### EXERCISE PROMPT
Your answer should be the lines below from the one with "Local Open Scope ring_scope." to the one with "ordered pairs (u,v)", both included, given again exactly and with nothing added.

(Items from a data source)
(* Let $\mathcal{G}_n$ be the random graph described in the context and, for $\delta_n>0$ and $u\in\mathcal{V}_n^k$, let $$A_n^k(u)=\Big\{\big|N_n^k(u)-a_nV_n^k\big|\ge\sqrt{a_nV_n^k\delta_n}\Big\}.$$ Suppose the sequences $\gamma_n>0$ and $\delta_n>0$ satisfy $$\lim_{n\to\infty}\delta_n=\infty,\qquad\limsup_{n\to\infty}\frac{\delta_n}{\lambda_n}<\infty,\qquad\limsup_{n\to\infty}\frac{\gamma_n}{\delta_n}<\infty.$$ Then $\frac{\gamma_n}{n}\sum_{u\in\mathcal{V}_n^k}\mathbf{1}\{A_n^k(u)\}\Rightarrow0$ as $n\to\infty$, for all $k\in\{1,2\}$.
   Context: For each $n$, the node set $\mathcal{V}_n=\mathcal{V}_n^1\cup\mathcal{V}_n^2$ is a disjoint union of two communities of sizes $V_n^k=|\mathcal{V}_n^k|$ with $V_n^k/n\to v^k\in(0,\infty)$. The graph $\mathcal{G}_n$ is a stochastic block model: each unordered pair of distinct nodes is an edge independently, with probability $a_n=a\lambda_n/n$ if both are in the same community and $b_n=b\lambda_n/n$ otherwise, where $a>b>0$ are constants and $\lambda_n\to\infty$. $N_n^k(u)$ denotes the number of neighbors of $u$ in $\mathcal{V}_n^k$. $\Rightarrow$ denotes weak convergence (here to the constant $0$). *)

From mathcomp Require Import all_boot all_order all_algebra.
From mathcomp Require Import all_classical all_reals all_analysis.
Set Implicit Arguments. Unset Strict Implicit. Unset Printing Implicit Defensive.
Import Order.TTheory GRing.Theory Num.Theory.
Import numFieldNormedType.Exports.
Local Open Scope classical_set_scope.
Local Open Scope ring_scope.

(* V : 'I_2 -> nat gives the community sizes |V^1| = V ord0, |V^2| = V ord_max.                          *)
Section SBM.
Variable R : realType.
Variable V : 'I_2 -> nat.

Definition sbm_node := 'I_(V ord0 + V ord_max).

Definition community (u : sbm_node) : 'I_2 :=
  if (u < V ord0)%N then ord0 else ord_max.

(* A graph is encoded by the indicator of its edges {u,v}, stored on the
   ordered pairs (u,v) with u < v; the other entries must be false. *)
Definition sbm_graph := {ffun sbm_node * sbm_node -> bool}.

### WORKED SOLUTION
Local Open Scope ring_scope.

(* V : 'I_2 -> nat gives the community sizes |V^1| = V ord0, |V^2| = V ord_max.                          *)
Section SBM.
Variable R : realType.
Variable V : 'I_2 -> nat.

Definition sbm_node := 'I_(V ord0 + V ord_max).

Definition community (u : sbm_node) : 'I_2 :=
  if (u < V ord0)%N then ord0 else ord_max.

(* A graph is encoded by the indicator of its edges {u,v}, stored on the
   ordered pairs (u,v) with u < v; the other entries must be false. *)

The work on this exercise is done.